Blinded by the Light film review
Viveik Kalra in Blinded By The Light

I’m a huge Bruce fan. Have been ever since I unlocked the truth of “Born in the USA” as the anthem enjoyed its heavy AOR rotation on Philly FM. Much like Gen-X outcast Javed, the Boss spoke to me. Still does. I purchased his autobiography on Audible for the sole purpose of hearing Bruce speak directly through my ear buds. Everyone has a hungry heart. Everyone dreams of taking a wrong turn and to just keep going. Javed’s heart, hungrier than mine perhaps, took Springsteen’s words as gospel. Blinded By The Light is his pulpit.

The premise for the film is simple, heart-warming, and fun. Javed is a Pakistani immigrant living in a nowheresville English suburb during Maggie Thatcher’s reign. Unemployment’s at an all-time high. Anti-foreigner movements rage from waves of white. Javed wants to change his clothes, his hair, his face when the magic of Bruce Springsteen touches this young lad transforming his black-and-white Kansas to a Technicolor Oz. The songs are more than inspiring; they are an escape. And that’s what director Gurinder Chadha presents: celluloid dreams that present the world as a better place. She did similarly with Bend it Like Beckham, another wish-fulfillment piece featuring a fish-outta-water tale.

Blinded By The Light regrettably falls off course becoming lop-sided at best, with the music of the Boss saving the show.

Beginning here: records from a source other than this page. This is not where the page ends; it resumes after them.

Lemma vnorm2D x y : vnorm2 (x + y) = vnorm2 x + vnorm2 y + 2 * Re (ip x y).
Proof.
apply: complexI; rewrite !rmorphD rmorphM /= rmorph_nat -addcJ -!ipxx.
by rewrite ipDl !ipDr [ip y x]ip_conj; ring.
Qed.

Lemma vnorm2N x : vnorm2 (- x) = vnorm2 x.
Proof. by rewrite /vnorm2 ipNl ipNr opprK. Qed.

Lemma vnorm2B x y : vnorm2 (x - y) = vnorm2 x + vnorm2 y - 2 * Re (ip x y).
Proof. by rewrite vnorm2D vnorm2N ipNr raddfN mulrN. Qed.

Lemma vnorm2Z a x : vnorm2 (a *: x) = normc a ^+ 2 * vnorm2 x.
Proof. by apply: complexI; rewrite rmorphM /= sqr_normc -!ipxx ipZl ipZr; ring. Qed.

Lemma vnormZ a x : vnorm (a *: x) = normc a * vnorm x.
Proof.
by rewrite /vnorm vnorm2Z sqrtrM ?sqr_ge0 // sqrtr_sqr ger0_norm // normc_ge0.
Qed.

Lemma vnorm0 : vnorm 0 = 0.
Proof. by rewrite /vnorm /vnorm2 ip0l sqrtr0. Qed.

Lemma vnormN x : vnorm (- x) = vnorm x.
Proof. by rewrite /vnorm vnorm2N. Qed.

Lemma vnormB x y : vnorm (x - y) = vnorm (y - x).
Proof. by rewrite -vnormN opprB. Qed.

Lemma vnorm2_sub_line z y : 0 < vnorm2 y ->
  vnorm2 (z - (ip z y / (vnorm2 y)%:C) *: y) =
  vnorm2 z - normc (ip z y) ^+ 2 / vnorm2 y.
Proof.
move=> y0; apply: complexI.
rewrite rmorphB rmorphM fmorphV /= sqr_normc -!ipxx.
rewrite ipBl !ipBr !ipZl !ipZr [ip y z]ip_conj rmorphM fmorphV /= -[(ip y y)^*]ip_conj.
have : ip y y != 0 by rewrite ipxx fmorph_eq0 gt_eqF.
by move: (ip z y) (ip y y) => c d d0; field.
Qed.

Lemma cauchy_schwarz x y : normc (ip x y) <= vnorm x * vnorm y.
Proof.
have [y0|/vnorm2_le0 ->] := ltrP 0 (vnorm2 y); last first.
  by rewrite ip0r -(rmorph0 (real_complex R)) normc_real normr0 mulr_ge0 ?vnorm_ge0.
rewrite -ler_sqr ?nnegrE ?normc_ge0 ?mulr_ge0 ?vnorm_ge0 //.
have := vnorm2_ge0 (x - (ip x y / (vnorm2 y)%:C) *: y).
by rewrite vnorm2_sub_line // subr_ge0 ler_pdivrMr // exprMn !sqr_vnorm.
Qed.

Lemma vnormD x y : vnorm (x + y) <= vnorm x + vnorm y.
Proof.
rewrite -ler_sqr ?nnegrE ?addr_ge0 ?vnorm_ge0 // sqrrD !sqr_vnorm vnorm2D.
have := le_trans (Re_le_normc (ip x y)) (cauchy_schwarz x y); lra.
Qed.

(* The order of [C] is partial: [0 < e] forces [e] to be real. *)
Lemma forall_posC (P : C -> Prop) :
  (forall e : C, 0 < e -> P e) <-> (forall r : R, 0 < r -> P r%:C).
Proof.
split=> [h r r0 | h e e0]; first by apply: h; rewrite ltcR.
have e_real : e \is Num.real by rewrite realE ltW.
by rewrite -(RRe_real e_real); apply: h; rewrite -ltcR RRe_real.
Qed.

Lemma hconvR u l : hconv ip u l <->
  forall r : R, 0 < r -> exists N, forall n, (N <= n)%N -> vnorm (u n - l) < r.
Proof.
apply: iff_trans (forall_posC _) _.
by split=> h r /h [N HN]; exists N => n /HN; rewrite hnormE ltcR.
Qed.

Lemma hcauchyR u : hcauchy ip u <->
  forall r : R, 0 < r -> exists N, forall m n, (N <= m)%N -> (N <= n)%N ->
    vnorm (u m - u n) < r.
Proof.
apply: iff_trans (forall_posC _) _.
by split=> h r /h [N HN]; exists N => m n hm /(HN m n hm); rewrite hnormE ltcR.
Qed.

Lemma sconvR u l : sconv u l <->
  forall r : R, 0 < r -> exists N, forall n, (N <= n)%N -> normc (u n - l) < r.
Proof.
apply: iff_trans (forall_posC _) _.
by split=> h r /h [N HN]; exists N => n /HN; rewrite normcR ltcR.
Qed.

Lemma dist_to0R Ms f : dist_to0 ip Ms f <->
  forall r : R, 0 < r -> exists N, forall n, (N <= n)%N ->
    exists g, Ms n g /\ vnorm (f - g) < r.
Proof.
apply: iff_trans (forall_posC _) _.
by split=> h r /h [N HN]; exists N => n /HN [g [Msg fg]];
  exists g; split=> //; move: fg; rewrite hnormE ltcR.
Qed.

Lemma invS_lt (e : R) : 0 < e ->
  exists N, forall n, (N <= n)%N -> (n.+1%:R)^-1 < e.
Proof.
move=> e0; exists (Num.bound e^-1) => n Nn.
rewrite invf_plt ?posrE ?ltr0Sn //; apply: lt_le_trans (archi_boundP _) _.
  by rewrite invr_ge0 ltW.
by rewrite ler_nat (leq_trans Nn).
Qed.

Lemma parallelogram x y :
  vnorm2 (x + y) + vnorm2 (x - y) = 2 * vnorm2 x + 2 * vnorm2 y.
Proof. by rewrite vnorm2D vnorm2B; lra. Qed.

Section Subspace.
Variable N : V -> Prop.
Hypothesis subN : subspace N.

Lemma subspaceD {a b : V} : N a -> N b -> N (a + b).
Proof. by move=> Na Nb; rewrite -[a]scale1r; apply: subN.2. Qed.

Lemma subspaceZ c {a : V} : N a -> N (c *: a).
Proof. by move=> Na; rewrite -[_ *: _]addr0; apply: subN.2 => //; exact: subN.1. Qed.

Lemma subspaceB {a b : V} : N a -> N b -> N (a - b).
Proof. by move=> Na Nb; rewrite -scaleN1r; apply: subspaceD => //; apply: subspaceZ. Qed.

Lemma minimizing_seq_cauchy x (D : R) (g : nat -> V) :
  (forall y, N y -> D <= vnorm2 (x - y)) -> (forall k, N (g k)) ->
  (forall k, vnorm2 (x - g k) < D + (k.+1%:R)^-1) -> hcauchy ip g.
Proof.
move=> D_le Ng gD.
have gap k m : vnorm2 (g m - g k) <= 2 * (k.+1%:R)^-1 + 2 * (m.+1%:R)^-1.
  pose w := x - 2^-1 *: (g k + g m).
  have Dw : D <= vnorm2 w by apply/D_le/subspaceZ/subspaceD.
  have -> : g m - g k = (x - g k) - (x - g m) by rewrite [RHS]addrC opprB addrA subrK.
  have half : (2^-1 + 2^-1 : C) = 1 by field.
  have sum_mid : (x - g k) + (x - g m) = w + w.
    by rewrite addrACA -opprD [RHS]addrACA -opprD -scalerDl half scale1r.
  have ww : vnorm2 (w + w) = 4 * vnorm2 w by rewrite vnorm2D -/(vnorm2 w); lra.
  have := parallelogram (x - g k) (x - g m); rewrite sum_mid ww.
  have := gD k; have := gD m; move: (k.+1%:R^-1 : R) (m.+1%:R^-1 : R) => ek em; lra.
apply/hcauchyR => r r0.
have [K HK] := invS_lt _ (divr_gt0 (mulr_gt0 r0 r0) (ltr0Sn R 3)).
exists K => m n Km Kn; rewrite -ltr_sqr ?nnegrE ?vnorm_ge0 ?ltW // sqr_vnorm.
have := gap n m; have := HK m Km; have := HK n Kn; rewrite expr2.
by move: (n.+1%:R^-1 : R) (m.+1%:R^-1 : R) => en em; lra.
Qed.

Lemma min_dist_orthogonal x p : N p ->
  (forall y, N y -> vnorm2 (x - p) <= vnorm2 (x - y)) ->
  forall y, N y -> ip (x - p) y = 0.
Proof.
move=> Np p_min y Ny.
have [y0|/vnorm2_le0 -> //] := ltrP 0 (vnorm2 y); last exact: ip0r.
pose t := ip (x - p) y / (vnorm2 y)%:C.
have := p_min (p + t *: y) (subspaceD Np (subspaceZ t Ny)).
rewrite opprD addrA vnorm2_sub_line // lerBDr gerDl ler_pdivrMr // mul0r => c_le0.
by apply/eq0_normc/eqP; rewrite -sqrf_eq0 eq_le c_le0 sqr_ge0.
Qed.

End Subspace.

Arguments subspaceB {N} subN {a b}.
Arguments minimizing_seq_cauchy {N} subN {x D g}.

Lemma vnorm2_le_of_cvg {x} {D : R} {g : nat -> V} {p} : 0 <= D -> hconv ip g p ->
  (forall k, vnorm2 (x - g k) < D + (k.+1%:R)^-1) -> vnorm2 (x - p) <= D.
Proof.
move=> D0 /hconvR gp gD.
rewrite -sqr_vnorm -(sqr_sqrtr D0) ler_sqr ?nnegrE ?vnorm_ge0 ?sqrtr_ge0 //.
apply/ler_addgt0Pr => e e0; have e2 : 0 < e / 2 by rewrite divr_gt0.
have [K1 HK1] := invS_lt _ (divr_gt0 (mulr_gt0 e0 e0) (ltr0Sn R 3)).
have [K2 HK2] := gp _ e2.
pose k := maxn K1 K2.
have gk_near : vnorm (x - g k) < Num.sqrt D + e / 2.
  rewrite -ltr_sqr ?nnegrE ?vnorm_ge0 ?addr_ge0 ?sqrtr_ge0 ?ltW // sqr_vnorm.
  rewrite sqrrD sqr_sqrtr //.
  have := gD k; have := HK1 k (leq_maxl _ _); have : 0 <= Num.sqrt D * e.
    by rewrite mulr_ge0 ?sqrtr_ge0 ?ltW.
  by move: (k.+1%:R^-1 : R) => ek; lra.
have := vnormD (x - g k) (g k - p); rewrite addrA subrK.
by have := HK2 k (leq_maxr _ _); lra.
Qed.

Lemma proj_spec_ex N x : (exists p, N p /\ forall y, N y -> ip (x - p) y = 0) ->
  N (proj ip N x) /\ forall y, N y -> ip (x - proj ip N x) y = 0.
Proof. by move=> p_ex; apply: (epsilon_spec _ _ p_ex). Qed.

Section Projection.
Hypothesis complete : complete_ip ip.
Variable N : V -> Prop.
Hypothesis closedN : closed_subspace ip N.

Lemma exists_min_dist x :
  exists2 p, N p & forall y, N y -> vnorm2 (x - p) <= vnorm2 (x - y).
Proof.
have [subN limN] := closedN.
pose E : set R := fun r => exists2 y, N y & r = vnorm2 (x - y).
have E_inf : has_inf E.
  split; first by exists (vnorm2 (x - 0)), 0; first exact: subN.1.
  by exists 0 => _ [y _ ->]; exact: vnorm2_ge0.
have inf_le y : N y -> inf E <= vnorm2 (x - y).
  by move=> Ny; apply: (ge_inf E_inf.2); exists y.
have inf_ge0 : 0 <= inf E.
  by apply: lb_le_inf E_inf.1 _ => _ [y _ ->]; exact: vnorm2_ge0.
have /choice[g gE] : forall k, exists y, N y /\ vnorm2 (x - y) < inf E + (k.+1%:R)^-1.
  move=> k; have ek : 0 < (k.+1%:R : R)^-1 by rewrite invr_gt0.
  have [_ [y Ny ->]] := inf_adherent ek E_inf.
  by exists y.
have [p gp] := complete g (minimizing_seq_cauchy subN inf_le (fun k => (gE k).1)
  (fun k => (gE k).2)).
exists p; first by apply: (limN g) => // k; exact: (gE k).1.
move=> y Ny; apply: le_trans (inf_le _ Ny).
exact: vnorm2_le_of_cvg inf_ge0 gp (fun k => (gE k).2).
Qed.

Lemma proj_spec x :
  N (proj ip N x) /\ forall y, N y -> ip (x - proj ip N x) y = 0.
Proof.
apply: proj_spec_ex; have [p Np p_min] := exists_min_dist x.
by exists p; split=> //; apply: min_dist_orthogonal closedN.1 _ _ Np p_min.
Qed.

Lemma proj_mem x : N (proj ip N x).
Proof. exact: (proj_spec x).1. Qed.

Lemma proj_min x y : N y -> vnorm2 (x - proj ip N x) <= vnorm2 (x - y).
Proof.
move=> Ny; have [Np x_orth] := proj_spec x.
have -> : x - y = (x - proj ip N x) + (proj ip N x - y) by rewrite addrA subrK.
have Npy : N (proj ip N x - y) := subspaceB closedN.1 Np Ny.
by rewrite (vnorm2D (x - _)) x_orth //= mulr0 addr0 lerDl vnorm2_ge0.
Qed.

Lemma vnorm2_sub_proj x : (vnorm2 (x - proj ip N x))%:C = ip x x - ip (proj ip N x) x.
Proof.
have [Np x_orth] := proj_spec x.
by rewrite -ipxx [ip (x - _) (x - _)]ipBr (x_orth _ Np) subr0 ipBl.
Qed.

End Projection.

Arguments proj_mem complete {N} closedN x.
Arguments proj_min complete {N} closedN {x y}.
Arguments vnorm2_sub_proj complete {N} closedN x.
Section SylowProgramOutputs.
Local Open Scope group_scope.
Variables (gT : finGroupType) (G P : {group gT}) (N : nat) (ps : seq nat) (i : nat).
Hypotheses (cGG : abelian G) (expG : exponent G %| N) (N_gt0 : (0 < N)%N).
Hypotheses (ps_uniq : uniq ps) (ps_pr : all prime ps) (lt_i : (i < size ps)%N).
Hypothesis sylP : P \in 'Syl_(nth 0 ps i)(G).

Lemma sylow_gens_prog_gen (S : seq gT) :
  {subset S <= G} -> <<[set x in S]>> = G ->
  let s := sylow_gens_prog N ps (size S) in
  <<[set x in slp_out s.1 S (nth [::] s.2 i)]>> = P.
Proof.
move=> sSG genS /=; rewrite slp_sylow_gens_prog //.
by rewrite -(morphim_expg_p'part cGG expG N_gt0 sylP); apply: morphim_gen_seq.
Qed.

Let f (b : gT) := nth 1 (slp_out (sylow_prog N ps 1 0).1 [:: b] (sylow_prog N ps 1 0).2) i.

Lemma sylow_prog_in_Sylow b : b \in G -> f b \in P.
Proof. by move=> Gb; rewrite /f slp_sylow_prog // (expg_p'part_Sylow cGG expG N_gt0 sylP). Qed.

Lemma card_sylow_prog_fibre y : y \in P -> (#|[set b in G | f b == y]| * #|P|)%N = #|G|.
Proof.
rewrite -(morphim_expg_p'part cGG expG N_gt0 sylP) => Py.
rewrite -(card_fibre_morphim Py); congr (_ * _)%N.
by apply: eq_card => b; rewrite !inE /f slp_sylow_prog.
Qed.
End SylowProgramOutputs.

(* [Reals] rebinds [_ ^ _] and the [%N] key on [nat]; nat powers below are [expn]. *)
From Stdlib Require Import Reals Lra.

Section CostBound.
Local Open Scope R_scope.

Lemma ln2_gt0 : 0 < ln 2.
Proof. by have := ln_lt_2; lra. Qed.

Lemma ln_le x y : 0 < x -> x <= y -> ln x <= ln y.
Proof. by move=> x_gt0 /Rle_lt_or_eq_dec[lt_xy | ->]; [left; apply: ln_increasing | right]. Qed.

Lemma INR_leq m n : (m <= n)%nat -> INR m <= INR n.
Proof. by move/leP; apply: le_INR. Qed.

Lemma INR_expn2 t : INR (expn 2 t) = 2 ^ t.
Proof. by elim: t => [//|t IH]; rewrite expnS mulnE mult_INR IH /=. Qed.

Lemma le_log2 t X : 0 < X -> 2 ^ t <= X -> INR t <= ln X / ln 2.
Proof.
move=> X_gt0 le_X; apply: (Rmult_le_reg_r _ _ _ ln2_gt0).
rewrite /Rdiv Rmult_assoc Rinv_l ?Rmult_1_r; last by have := ln2_gt0; lra.
by rewrite -ln_pow; [apply: ln_le => //; apply: pow_lt | ]; lra.
Qed.

Lemma trunc_log_le_lg N : (0 < N)%nat -> INR (trunc_log 2 N) <= lg N.
Proof.
move=> N_gt0; apply: le_log2; first by apply: lt_0_INR; apply/ltP.
by rewrite -INR_expn2; apply/INR_leq/trunc_logP.
Qed.

Definition cost_const eps := 13 * (1 / (eps * ln 2) + 1).

(* [c] is at most [log log N], which [ln x <= x - 1] bounds by
   [lg^eps N / (eps ln 2)]. *)
Lemma cost_bound eps N c : 0 < eps -> (1 < N)%nat -> (expn 2 c <= trunc_log 2 N)%nat ->
  INR (13 * trunc_log 2 N * c.+1) <= cost_const eps * lg_pow N (1 + eps).
Proof.
move=> eps_gt0 N_gt1 le_c; have ln2_pos := ln2_gt0.
set L := lg N; set T := trunc_log 2 N.
have T_le : INR T <= L by apply/trunc_log_le_lg/ltnW.
have T_ge1 : 1 <= INR T.
  by apply: (@INR_leq 1 T); apply: leq_trans le_c; rewrite expn_gt0.
have c_le : INR c <= ln L / ln 2.
  by apply: le_log2; [lra | apply: Rle_trans T_le; rewrite -INR_expn2; apply: INR_leq].
have -> : lg_pow N (1 + eps) = L * Rpower L eps.
  by rewrite /lg_pow leqNgt N_gt1 /= -/L Rpower_plus Rpower_1 //; lra.
have lnL_ge0 : 0 <= ln L by rewrite -ln_1; apply: ln_le; lra.
have pow_ge : eps * ln L <= Rpower L eps - 1.
  by rewrite /Rpower; have := exp_ineq1_le (eps * ln L); lra.
have c1_le : INR c + 1 <= (1 / (eps * ln 2) + 1) * Rpower L eps.
  have eq_c : ln L / ln 2 = (eps * ln L) * (1 / (eps * ln 2)) by field; lra.
  rewrite eq_c in c_le.
  have : 0 < 1 / (eps * ln 2) by apply: Rdiv_lt_0_compat; [lra | apply: Rmult_lt_0_compat].
  have := Rmult_le_pos _ _ (Rlt_le _ _ eps_gt0) lnL_ge0; nra.
rewrite !mulnE !mult_INR (S_INR c) /cost_const; have -> : INR 13 = 13 by rewrite /=; lra.
have := pos_INR c; nra.
Qed.

Lemma cost_const_ge0 eps : 0 < eps -> 0 <= cost_const eps.
Proof.
move=> eps_gt0; have ln2_pos := ln2_gt0.
have : 0 < 1 / (eps * ln 2) by apply: Rdiv_lt_0_compat; [lra | apply: Rmult_lt_0_compat].
by rewrite /cost_const; lra.
Qed.

Lemma lg_pow_ge0 N a : 0 <= lg_pow N a.
Proof. by rewrite /lg_pow; case: ifP => _; [lra | apply/Rlt_le/exp_pos]. Qed.
End CostBound.

Theorem lemma7 :
  forall eps : R, (0 < eps)%R ->
  exists C : R,
  forall (N : nat) (ps : seq nat),
    (0 < N)%N -> uniq ps -> all prime ps -> all (fun p => p %| N) ps ->
  (* (i) *)
  (forall m : nat,
     exists (prog : seq instr) (outs : seq (seq nat)),
       (INR (size prog) <= C * INR m * lg_pow N (1 + eps))%R /\
       size outs = size ps /\ all (fun o => size o == m) outs /\
       forall (gT : finGroupType) (G : {group gT}),
         abelian G -> exponent G %| N ->
         forall S : seq gT, size S = m -> {subset S <= G} ->
           <<[set x in S]>>%g = G ->
           forall i, (i < size ps)%N ->
           forall P : {group gT}, (P \in 'Syl_(nth 0%N ps i)(G))%g ->
             <<[set x in slp_out prog S (nth [::] outs i)]>>%g = P)
  /\
  (* (ii) *)
  (exists (prog : seq instr) (outs : seq nat),
     (INR (size prog) <= C * lg_pow N (1 + eps))%R /\
     size outs = size ps /\
     forall (gT : finGroupType) (G : {group gT}),
       abelian G -> exponent G %| N ->
       forall i, (i < size ps)%N ->
       forall P : {group gT}, (P \in 'Syl_(nth 0%N ps i)(G))%g ->
         let f := fun b : gT => nth 1%g (slp_out prog [:: b] outs) i in
         (forall b, b \in G -> f b \in P) /\
         (forall y, y \in P -> (#|[set b in G | f b == y]| * #|P|)%N = #|G|)).
Proof.
move=> eps eps_gt0; exists (cost_const eps) => N ps N_gt0 ps_uniq ps_pr ps_dvd.
have C_ge0 := cost_const_ge0 eps_gt0; have lg_ge0 := lg_pow_ge0 N (1 + eps).
have [-> | ps_nil] := eqVneq ps [::].
  split=> [m|]; exists [::], [::]; do !split => //=; last exact: Rmult_le_pos.
  by apply: Rmult_le_pos => //; apply: Rmult_le_pos => //; apply: pos_INR.
have k_le := size_le_trunc_log N_gt0 ps_uniq ps_pr ps_dvd.
have k_gt0 : (0 < size ps)%nat by rewrite lt0n size_eq0.
set K := (13 * trunc_log 2 N * (trunc_log 2 (size ps)).+1)%nat.
have le_K : (INR K <= cost_const eps * lg_pow N (1 + eps))%R.
  apply: cost_bound; rewrite // ?(leq_trans (trunc_logP _ _) k_le) //.
  by move: (leq_trans k_gt0 k_le); rewrite trunc_log_gt0 => /andP[].
have size_K base r : (size (sylow_prog N ps base r).1 <= K)%nat by apply: size_sylow_prog.
split=> [m|].
  exists (sylow_gens_prog N ps m).1, (sylow_gens_prog N ps m).2; split; [|split; [|split]].
  - have le_mK : (size (sylow_gens_prog N ps m).1 <= m * K)%nat.
      by rewrite -{2}(size_iota 0 m); apply: size_sylow_progs.
    apply: Rle_trans (INR_leq le_mK) _; rewrite mulnE mult_INR.
    by have := pos_INR m; nra.
  - by rewrite size_map size_iota.
  - by apply/allP=> _ /mapP[i _ ->]; rewrite size_map size_sylow_progs_outs size_iota.
  move=> gT G cGG expG S <- sSG genS i lt_i P sylP.
  exact: (sylow_gens_prog_gen cGG expG N_gt0 ps_uniq ps_pr lt_i sylP).
exists (sylow_prog N ps 1 0).1, (sylow_prog N ps 1 0).2; split; [|split].
- exact: Rle_trans (INR_leq (size_K 1%nat 0%nat)) le_K.
- exact: size_sylow_prog_outs.
move=> gT G cGG expG i lt_i P sylP f; split.
- exact: (sylow_prog_in_Sylow cGG expG N_gt0 ps_uniq ps_pr lt_i sylP).
- exact: (card_sylow_prog_fibre cGG expG N_gt0 ps_uniq ps_pr lt_i sylP).
Qed.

Adapted from the book Greetings from Bury Park by Sarfraz Manzoor, Chadha beautifully builds Javed’s hometown world. The darkness at the edge of town that all teens feel, especially during the Gen-X eighties, especially for immigrant teens who are inherently set apart from their English mates. Javed is a writer and yearns for his creativity to hop onto the ever-present M1 to take root in London. But fates, and an old-world parent, are unmoving Jersey barrier. Baby, tramps like him ain’t born to run. That is until the charm of the Garden State makes its way into Javed’s Walkman. Javed takes Bruce’s words to heart and they give him spine.

Why then does the rest of the film slam the screen door on its rightful magic? Once Javed starts dancing in the dark, the film’s call-to-arms dies away and becomes Sunday matinee fluff. He gets the girl. He becomes Hayley Atwell’s star pupil. He rocks the street ala Ferris Bueller. Max Weinberg’s rhythm is beat. The Big Man’s sax solo is played. There will be no encore. But this film rightfully deserves one. Instead, much like Javed, the film stumbles with finding an identity rolling between a political statement, a musical, or a coming of age story, resting on none.

Viveik Kalra plays the title role with spot-on sincerity and wide-eyed stardom. He is believable, and likable, and kindles the passion that burns within all Springsteen fans  regardless of age, gender, and nationality. The film is successful in showing that Bruce’s music adheres to no borders yet gets all Disney friendly with relationship resolution.

Blinded By The Light preaches the Gospel According to Bruce in a typical Hollywood fashion. The believers may nod with righteous hallelujahs while praying the uninitiated turn from their heathen ways. The Holy Land might be in Freehold but truly exists in speakers and ear buds belonging to us all.